What to do =>
Among the lines of the data, copy those that hold "Local".
-- Opening Marker --
(* Let $B$ be a commutative ring with identity and $A$ a subring of $B$ containing the identity. Then $A$ is a dense subring of $B$ if and only if the map $i^*:\operatorname{spec} B\to\operatorname{spec} A$, $i^*(P)=P\cap A$, is a topological embedding with dense image.
   Context: All rings are commutative with identity; subrings contain the identity. $\operatorname{spec} R$ denotes the set of prime ideals of $R$ with the Zariski topology. A subring $A$ of a ring $B$ is called a dense subring of $B$ if for every ideal $I$ of $B$ and every $b\in B$ with $b\notin \operatorname{rad}(I)$, there exists $a\in B$ with $a\notin \operatorname{rad}(I)$ such that $ab\in A$. *)

From mathcomp Require Import all_boot all_algebra.
Set Implicit Arguments. Unset Strict Implicit. Unset Printing Implicit Defensive.
Import GRing.Theory.
Local Open Scope ring_scope.

Section Defs.
Variable B : comPzRingType.

Definition is_subring (A : B -> Prop) : Prop :=
  A 1 /\ (forall x y, A x -> A y -> A (x - y)) /\ (forall x y, A x -> A y -> A (x * y)).

Definition ideal_in (A : B -> Prop) (I : B -> Prop) : Prop :=
  (forall x, I x -> A x) /\ I 0 /\
  (forall x y, I x -> I y -> I (x + y)) /\
  (forall a x, A a -> I x -> I (a * x)).

Definition prime_ideal_in (A : B -> Prop) (P : B -> Prop) : Prop :=
  ideal_in A P /\ ~ P 1 /\
  (forall a b, A a -> A b -> P (a * b) -> P a \/ P b).

Definition fullset : B -> Prop := fun _ => True.

Definition ideal (I : B -> Prop) : Prop := ideal_in fullset I.

Definition rad (I : B -> Prop) : B -> Prop := fun x => exists n : nat, I (x ^+ n).

Definition dense_subring (A : B -> Prop) : Prop :=
  forall (I : B -> Prop) (b : B), ideal I -> ~ rad I b ->
    exists a : B, ~ rad I a /\ A (a * b).

Definition spec_in (A : B -> Prop) : Type := {P : B -> Prop | prime_ideal_in A P}.

Definition zariski_closed (A : B -> Prop) (C : spec_in A -> Prop) : Prop :=
  exists S : B -> Prop, (forall x, S x -> A x) /\
    forall P : spec_in A, C P <-> (forall x, S x -> proj1_sig P x).

Lemma contraction_prime (A : B -> Prop) (hA : is_subring A) (P : spec_in fullset) :
  prime_ideal_in A (fun x => proj1_sig P x /\ A x).
Proof.
case: P => P [[_ [P0 [PD PM]]] [P1 Pp]] /=.
case: hA => [A1 [AB AM]].
have A0 : A 0 by rewrite -(subrr 1); apply: AB.
have AN : forall x, A x -> A (- x) by move=> x Ax; rewrite -sub0r; apply: AB.
split; [split; [|split; [|split]]|split].
- by move=> x [].
- by [].
- move=> x y [Px Ax] [Py Ay]; split; first exact: PD.
  by rewrite -[y]opprK; apply: AB => //; apply: AN.
- by move=> a x Aa [Px Ax]; split; [apply: PM | apply: AM].
- by case.
- move=> a b Aa Ab [Pab _]; case: (Pp a b I I Pab) => H; [left|right]; by split.
Qed.

Definition contraction (A : B -> Prop) (hA : is_subring A) (P : spec_in fullset) :
  spec_in A := exist _ _ (contraction_prime hA P).

End Defs.

(* General topology, with topologies described by their closed sets. *)
Section Topo.
Variables (X Y : Type) (cX : (X -> Prop) -> Prop) (cY : (Y -> Prop) -> Prop).

Definition continuous_closed (f : X -> Y) : Prop :=
  forall D, cY D -> cX (fun x => D (f x)).

(* Topological embedding: f is injective, continuous, and X carries the
   topology induced by f (every closed set of X is the preimage of a closed
   set of Y); equivalently f is a homeomorphism onto its image. *)
Definition top_embedding (f : X -> Y) : Prop :=
  injective f /\ continuous_closed f /\
  forall C, cX C -> exists D, cY D /\ forall x, C x <-> D (f x).

Definition dense_image (f : X -> Y) : Prop :=
  forall D, cY D -> (forall x, D (f x)) -> forall y, D y.
End Topo.

(* Density of A in B says exactly that every prime P of B and every s outside P admit
   a multiple a s in A that still lies outside P. This separates primes of B with equal
   traces on A, and it lets one recover any closed set V(S) of spec B as the preimage
   of V(S') where S' is the set of elements of A lying in every prime containing S.
   Conversely, if V(b) is such a preimage, then for a prime P not containing b some
   x in A lies outside P but in every prime containing b, so x^n = c b by Krull's
   description of the radical, and c is the multiplier required by density. Density of
   the image needs no hypothesis: an element of A lying in every prime of B is
   nilpotent, hence lies in every prime of A. *)
From Pilot Require Import Defs.
From mathcomp Require Import all_boot all_algebra.
From mathcomp Require Import boolp classical_sets.
From mathcomp Require Import ring.
Set Implicit Arguments. Unset Strict Implicit. Unset Printing Implicit Defensive.
Import GRing.Theory.
Local Open Scope ring_scope.
Local Open Scope classical_set_scope.

Section PrimeIdeals.
Variable B : comPzRingType.
Implicit Types (A I J P : B -> Prop) (x y : B).

Lemma subring_expr A x n : is_subring A -> A x -> A (x ^+ n).
Proof.
case=> A1 [_ AM] Ax; elim: n => [|n IHn]; first by rewrite expr0.
by rewrite exprS; apply: AM.
Qed.

Lemma prime_idealM A P a x : prime_ideal_in A P -> A a -> P x -> P (a * x).
Proof. by case=> [[_ [_ [_ PM]]] _]; apply: PM. Qed.

Lemma prime_ideal_expr A P x n :
  is_subring A -> prime_ideal_in A P -> A x -> P (x ^+ n) -> P x.
Proof.
move=> hA [_ [P1 Pp]] Ax; elim: n => [|n IHn]; first by rewrite expr0.
by rewrite exprS => /Pp [] //; apply: subring_expr.
Qed.

Lemma prime_rad P x : prime_ideal_in (@fullset B) P -> Defs.rad P x -> P x.
Proof. by move=> pP [n]; apply: prime_ideal_expr pP _. Qed.

Lemma spec_eq A (P Q : spec_in A) : (forall x, proj1_sig P x <-> proj1_sig Q x) -> P = Q.
Proof.
case: P Q => [P pP] [Q pQ] /= PQ; apply: eq_exist.
by apply: funext => x; apply: propext.
Qed.

Lemma zariski_closedV A S :
  S `<=` A -> @zariski_closed B A (fun P : spec_in A => S `<=` proj1_sig P).
Proof. by move=> SA; exists S. Qed.

Definition principal_ideal b : B -> Prop := fun y => exists c, y = c * b.

Lemma principal_idealP b : Defs.ideal (principal_ideal b).
Proof.
split=> //; split; first by exists 0; rewrite mul0r.
split; first by move=> _ _ [c1 ->] [c2 ->]; exists (c1 + c2); rewrite mulrDl.
by move=> a _ _ [c ->]; exists (a * c); rewrite mulrA.
Qed.

Definition add_principal J c : B -> Prop := fun y => exists r z, J z /\ y = z + r * c.

Lemma add_principalP J c : Defs.ideal J -> Defs.ideal (add_principal J c).
Proof.
case=> _ [J0 [JD JM]]; split=> //; split.
  by exists 0, 0; split=> //; rewrite mul0r addr0.
split.
  move=> _ _ [r1 [z1 [Jz1 ->]]] [r2 [z2 [Jz2 ->]]].
  by exists (r1 + r2), (z1 + z2); split; [apply: JD | ring].
move=> a _ _ [r [z [Jz ->]]].
by exists (a * r), (a * z); split; [apply: JM | ring].
Qed.

Section Krull.
Variables (I : B -> Prop) (x : B).

Definition avoiding_powers J := [/\ Defs.ideal J, I `<=` J & forall n, ~ J (x ^+ n)].

Lemma maximal_avoiding_powers : Defs.ideal I -> ~ Defs.rad I x ->
  exists J, avoiding_powers J /\ forall K, J `<` K -> ~ avoiding_powers K.
Proof.
move=> hI nrx.
have avI : avoiding_powers I by split=> // n In; apply: nrx; exists n.
(* Empty sets are admitted so that the union of the empty chain is in the family. *)
pose PP (J : set B) := (forall y, ~ J y) \/ avoiding_powers J.
have [J [PPJ maxJ]] : exists J, PP J /\ forall K, J `<` K -> ~ PP K.
  apply: Zorn_bigcup => F FPP Ftot.
  have avF X y : F X -> X y -> avoiding_powers X.
    by move=> FX Xy; case: (FPP X FX) => // /(_ y).
  have [[X0 FX0 avX0]|noav] := pselect (exists2 X, F X & avoiding_powers X); last first.
    by left=> y [X FX Xy]; apply: noav; exists X => //; apply: avF Xy.
  right; split; last 2 first.
  - by move=> y Iy; exists X0 => //; case: avX0 => _ /(_ y Iy).
  - by move=> n [X FX Xn]; case: (avF _ _ FX Xn) => _ _ /(_ n).
  split=> //; split; first by exists X0 => //; case: avX0 => -[_ []].
  split.
    move=> y z [X1 FX1 X1y] [X2 FX2 X2z].
    have [[_ [_ [D1 _]]] _ _] := avF _ _ FX1 X1y.
    have [[_ [_ [D2 _]]] _ _] := avF _ _ FX2 X2z.
    case: (Ftot _ _ FX1 FX2) => S12.
    + by exists X2 => //; apply: D2 => //; apply: S12.
    + by exists X1 => //; apply: D1 => //; apply: S12.
  move=> a y _ [X FX Xy]; exists X => //.
  by have [[_ [_ [_ M]]] _ _] := avF _ _ FX Xy; apply: M.
exists J; split; last by move=> K JK avK; apply: (maxJ K JK); right.
case: PPJ => // emptyJ; exfalso; apply: (maxJ I); last by right.
split; first by move=> y /emptyJ.
by move=> IJ; apply: (emptyJ 0); apply: IJ; case: hI => _ [].
Qed.

Lemma maximal_avoiding_powers_prime J : avoiding_powers J ->
  (forall K, J `<` K -> ~ avoiding_powers K) -> prime_ideal_in (@fullset B) J.
Proof.
move=> [hJ IJ Jx] maxJ; have [_ [J0 [JD JM]]] := hJ.
split=> //; split; first by move=> J1; apply: (Jx 0%N); rewrite expr0.
have meet c : ~ J c -> exists m r z, J z /\ x ^+ m = z + r * c.
  move=> nJc; apply/not_existsP => nomeet.
  apply: (maxJ (add_principal J c)).
    split; first by move=> y Jy; exists 0, y; rewrite mul0r addr0.
    by move=> sub; apply/nJc/sub; exists 1, 0; rewrite add0r mul1r.
  split; first exact: add_principalP.
    by move=> y /IJ Jy; exists 0, y; rewrite mul0r addr0.
  by move=> m [r [z Jz]]; apply: (nomeet m); exists r, z.
move=> a b _ _ Jab.
have [Ja|/meet [m [r1 [z1 [Jz1 E1]]]]] := pselect (J a); first by left.
have [Jb|/meet [n [r2 [z2 [Jz2 E2]]]]] := pselect (J b); first by right.
exfalso; apply: (Jx (m + n)%N).
have -> : x ^+ (m + n) = x ^+ n * z1 + (r1 * a) * z2 + (r1 * r2) * (a * b).
  by rewrite exprD E1 E2; ring.
by apply: (JD); [apply: (JD)|]; apply: (JM).
Qed.

Lemma prime_avoiding : Defs.ideal I -> ~ Defs.rad I x ->
  exists P : spec_in (@fullset B), I `<=` proj1_sig P /\ ~ proj1_sig P x.
Proof.
move=> hI /(maximal_avoiding_powers hI) [J [avJ maxJ]].
exists (exist _ J (maximal_avoiding_powers_prime avJ maxJ)).
have [_ IJ Jx] := avJ; split=> //= Jx1.
by apply: (Jx 1%N); rewrite expr1.
Qed.

Lemma rad_of_primes : Defs.ideal I ->
  (forall P : spec_in (@fullset B), I `<=` proj1_sig P -> proj1_sig P x) -> Defs.rad I x.
Proof.
move=> hI inP; apply: contrapT => /(prime_avoiding hI) [P [IP nPx]].
exact/nPx/inP.
Qed.

End Krull.

Lemma nilpotent_of_primes x : (forall P : spec_in (@fullset B), proj1_sig P x) ->
  exists n, x ^+ n = 0.
Proof.
move=> inP; have [n [c xn0]] := rad_of_primes (principal_idealP 0) (fun Q _ => inP Q).
by exists n; rewrite xn0 mulr0.
Qed.

End PrimeIdeals.

Section Contraction.
Variables (B : comPzRingType) (A : B -> Prop) (hA : is_subring A).

Local Notation spec_B := (spec_in (@fullset B)).
Local Notation closed_B := (@zariski_closed B (@fullset B)).
Local Notation closed_A := (@zariski_closed B A).
Local Notation i_star := (contraction hA).

Definition contraction_induces_topology :=
  forall C, closed_B C -> exists D, closed_A D /\ forall P, C P <-> D (i_star P).

Lemma contraction_continuous : continuous_closed closed_B closed_A i_star.
Proof.
move=> D [S [SA DE]]; exists S; split=> // P.
rewrite (DE (i_star P)) /=; split=> PS x Sx; first by case: (PS x Sx).
by split; [apply: PS | apply: SA].
Qed.

Lemma contraction_dense_image : dense_image closed_A i_star.
Proof.
move=> D [S [SA DE]] Dimg Q; apply/DE => s Ss.
have [n sn0] : exists n, s ^+ n = 0.
  by apply: nilpotent_of_primes => P; have /DE /(_ s Ss) [] := Dimg P.
have [[_ [Q0 _]] _] := proj2_sig Q.
by apply: (prime_ideal_expr (n := n) hA (proj2_sig Q) (SA _ Ss)); rewrite sn0.
Qed.

Lemma dense_multiple_notin_prime (P : spec_B) s : dense_subring A ->
  ~ proj1_sig P s -> exists a, A (a * s) /\ ~ proj1_sig P (a * s).
Proof.
move=> dA nPs; have pP := proj2_sig P.
have [a [nra Aas]] := dA _ s (proj1 pP) (fun rs => nPs (prime_rad pP rs)).
exists a; split=> // /(proj2 (proj2 pP) a s I I) [Pa|//].
by apply: nra; exists 1%N; rewrite expr1.
Qed.

Lemma dense_contraction_inj : dense_subring A -> injective i_star.
Proof.
move=> dA.
have sub (P Q : spec_B) y : i_star P = i_star Q -> proj1_sig P y -> proj1_sig Q y.
  move=> PQ Py; apply: contrapT => /(dense_multiple_notin_prime dA) [a [Aay nQay]].
  have : proj1_sig (i_star P) (a * y) by split=> //; apply: prime_idealM (proj2_sig P) _ _.
  by rewrite PQ => -[].
by move=> P Q PQ; apply: spec_eq => y; split; apply: sub.
Qed.

Lemma dense_contraction_induces_topology :
  dense_subring A -> contraction_induces_topology.
Proof.
move=> dA C [S [_ CE]].
pose S' x := A x /\ forall P : spec_B, S `<=` proj1_sig P -> proj1_sig P x.
exists (fun Q : spec_in A => S' `<=` proj1_sig Q); split.
  by exists S'; split=> // x [].
move=> P; rewrite CE /=; split=> [SP x [Ax inP] | S'P s Ss]; first by split=> //; apply: inP.
apply: contrapT => /(dense_multiple_notin_prime dA) [a [Aas nPas]].
have [] // := S'P (a * s); split=> // Q SQ.
exact: prime_idealM (proj2_sig Q) _ (SQ _ Ss).
Qed.

Lemma contraction_induces_topology_dense :
  contraction_induces_topology -> dense_subring A.
Proof.
move=> induced J b hJ nrb.
have [P [JP nPb]] := prime_avoiding hJ nrb; have pP := proj2_sig P.
have [D [[S' [S'A DE]] bD]] :=
  induced _ (@zariski_closedV B (@fullset B) [set b] (fun _ _ => Logic.I)).
have inV (Q : spec_B) : proj1_sig Q b -> D (i_star Q) by move=> Qb; apply/bD => _ ->.
have [x S'x nPx] : exists2 x, S' x & ~ proj1_sig P x.
  apply: contrapT => noX; apply: nPb; apply: (proj2 (bD P) _ b erefl); apply/DE => x S'x.
  split; last exact: S'A.
  by apply: contrapT => nPx; apply: noX; exists x.
have [n [c xnc]] : Defs.rad (principal_ideal b) x.
  apply: rad_of_primes (principal_idealP b) _ => Q bQ.
  have /inV /DE /(_ x S'x) [] // : proj1_sig Q b by apply: bQ; exists 1; rewrite mul1r.
exists c; split; last by rewrite -xnc; apply: subring_expr => //; apply: S'A.
move=> [k /JP Pck]; apply/nPx/(prime_rad pP); exists n.
by rewrite xnc mulrC; apply: prime_idealM pP Logic.I (prime_rad pP _); exists k.
Qed.

End Contraction.

Theorem corollary4p2 (B : comPzRingType) (A : B -> Prop) (hA : is_subring A) :
  dense_subring A <->
  (top_embedding (@zariski_closed B (@fullset B)) (@zariski_closed B A) (contraction hA) /\
   dense_image (@zariski_closed B A) (contraction hA)).
Proof.
split=> [dA | [[_ [_ induced]] _]]; last exact: contraction_induces_topology_dense.
split; last exact: contraction_dense_image.
split; first exact: dense_contraction_inj.
split; first exact: contraction_continuous.
exact: dense_contraction_induces_topology.
Qed.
-- Closing Marker --
Answer to the exercise =>
Local Open Scope ring_scope.
Local Open Scope ring_scope.
Local Open Scope classical_set_scope.
Local Notation spec_B := (spec_in (@fullset B)).
Local Notation closed_B := (@zariski_closed B (@fullset B)).
Local Notation closed_A := (@zariski_closed B A).
Local Notation i_star := (contraction hA).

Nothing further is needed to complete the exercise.